The first step in a transcriptomic experiment is to obtain the RNA. After isolating total RNA from cells, one can directly sequence it. Nonetheless, the majority of the RNA in a cell is ribosomal RNA, which may need to be removed using specific kits. Moreover, total RNA also contains unprocessed immature transcripts and RNA targeted for degradation (at different stages of processing).
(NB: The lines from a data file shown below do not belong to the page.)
(* Let $d,n,m\geq1$ be integers, and let $\mathsf{M}_1$ be an $n$-outcome POVM and $\mathsf{M}_2$ an $m$-outcome POVM on $\mathbb{C}^d$, and set $$\bar P(\mathsf{M}_1,\mathsf{M}_2)=\frac{1}{2nm}\sum_{x=1}^n\sum_{y=1}^m\big\|\mathsf{M}_1(x)+\mathsf{M}_2(y)\big\|.$$ Then the incompatibility robustness satisfies $$\mathcal{R}(\mathsf{M}_1,\mathsf{M}_2)\geq\frac{2nm\,\bar P(\mathsf{M}_1,\mathsf{M}_2)}{d+nm}-1.$$
   Context: $\|\cdot\|$ is the operator norm. Two POVMs are compatible if there exists a POVM $\mathsf{G}(x,y)$ with marginals $\sum_y\mathsf{G}(x,y)=$ first POVM and $\sum_x\mathsf{G}(x,y)=$ second POVM. The incompatibility robustness is $\mathcal{R}(\mathsf{M}_1,\mathsf{M}_2)=\min\{t\geq0 : \{(\mathsf{M}_i+t\mathsf{N}_i)/(1+t)\}_{i=1,2}$ are compatible for some POVMs $\mathsf{N}_1$ ($n$ outcomes) and $\mathsf{N}_2$ ($m$ outcomes) on $\mathbb{C}^d\}$. *)

From HB Require Import structures.
From mathcomp Require Import all_boot all_order all_algebra.
From mathcomp Require Import all_classical all_reals.
From mathcomp Require Import complex.
Set Implicit Arguments. Unset Strict Implicit. Unset Printing Implicit Defensive.
Import Order.TTheory GRing.Theory Num.Theory.
Local Open Scope ring_scope.

Section Defs.
Variable R : realType.
Local Notation C := (R[i]).

Definition adjmx (p q : nat) (A : 'M[C]_(p, q)) : 'M[C]_(q, p) := (map_mx Num.conj A)^T.

Definition vnorm (d : nat) (v : 'cV[C]_d) : R :=
  Num.sqrt (\sum_i (complex.Re (v i 0) ^+ 2 + complex.Im (v i 0) ^+ 2)).

Definition opnorm (d : nat) (A : 'M[C]_d) : R :=
  sup [set r : R | exists v : 'cV[C]_d, vnorm v = 1 /\ r = vnorm (A *m v)].

(* positive semidefinite: <v, A v> >= 0 for all v (order of the numeric field C) *)
Definition psd (d : nat) (A : 'M[C]_d) : Prop :=
  forall v : 'cV[C]_d, 0 <= (adjmx v *m A *m v) 0 0.

Definition POVM (d n : nat) (M : 'I_n -> 'M[C]_d) : Prop :=
  (forall x, psd (M x)) /\ \sum_(x < n) M x = 1%:M.

Definition compatible (d n m : nat) (A : 'I_n -> 'M[C]_d) (B : 'I_m -> 'M[C]_d) : Prop :=
  exists G : 'I_n -> 'I_m -> 'M[C]_d,
    (forall x y, psd (G x y)) /\
    (forall x, \sum_(y < m) G x y = A x) /\
    (forall y, \sum_(x < n) G x y = B y).

Definition mixt (d n : nat) (M N : 'I_n -> 'M[C]_d) (t : R) : 'I_n -> 'M[C]_d :=
  fun x => (real_complex R ((1 + t)^-1)) *: (M x + (real_complex R t) *: N x).

(* incompatibility robustness (as an infimum; the minimum is attained) *)
Definition robustness (d n m : nat) (M1 : 'I_n -> 'M[C]_d) (M2 : 'I_m -> 'M[C]_d) : R :=
  inf [set t : R | 0 <= t /\
        exists (N1 : 'I_n -> 'M[C]_d) (N2 : 'I_m -> 'M[C]_d),
          POVM N1 /\ POVM N2 /\ compatible (mixt M1 N1 t) (mixt M2 N2 t)].

Definition Pbar (d n m : nat) (M1 : 'I_n -> 'M[C]_d) (M2 : 'I_m -> 'M[C]_d) : R :=
  (2 * n%:R * m%:R)^-1 * \sum_(x < n) \sum_(y < m) opnorm (M1 x + M2 y).

End Defs.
Therefore, unless one is interested in non-coding RNAs or other aspects related to transcription, it is usually better to apply protocols that extract the mature mRNAs (usually through the PolyA tails). Since most people are interested in coding-genes, it is more common to use mRNA-specific protocols.
Some protocols can also keep strand information. In this case, the reads have the same (or the reverse) strand as the transcribed RNA. This is particularly relevant when sequencing total RNA, noticeably to distinguish real transcripts from transcriptional activity resulting from stalled promoters or enhancers. It can also be useful to distinguish between overlapping genes.
Finally, we also need to consider the amount of material available. Are we dealing with samples with a lot of RNA (eg. cell cultures), or short amounts (eg. small tissue samples, single-cell) that are prone to amplification artifacts and presence of contaminant sequences?
Designing your experiment for differential expression using RNAseq.
Longer read length, paired-end sequencing and strand-specific library preparation are particularly relevant to reveal gene structure. For example, on a non-model organism for which there is no genome sequenced, or the genes are poorly annotated. They are also relevant when alternative splicing is a factor to take into consideration. Discovering gene structure is a complex process and it would be the subject of an entire course on its own.
For this course, we will focus on the analysis of differential gene expression between conditions, on organisms for which gene annotation is available. Under these conditions, long reads, paired-end, and stranded library preparation methods are not as important. Therefore, for this type of experiments, we can safely go for the cheaper single-end sequencing and shorter read lengths (eg. 50bp or 76bp).
To infer genes differentially expressed between conditions, we need to obtain accurate measures of gene expression variance between the conditions. For this, we need replicates containing as much of the expected biological variance as possible. Chosing the number of replicates and depth of sequencing (number of reads) depends on the experiment. For highly controlled conditions (such as cell cultures), 2-3 replicates could be enough. In terms of coverage, 10-40 million reads should be enough to capture most “reasonably” expressed genes. Nonetheless, to be able to more accurately estimate how much is needed, one should always start from small pilot datasets, although in practice this is rarely done.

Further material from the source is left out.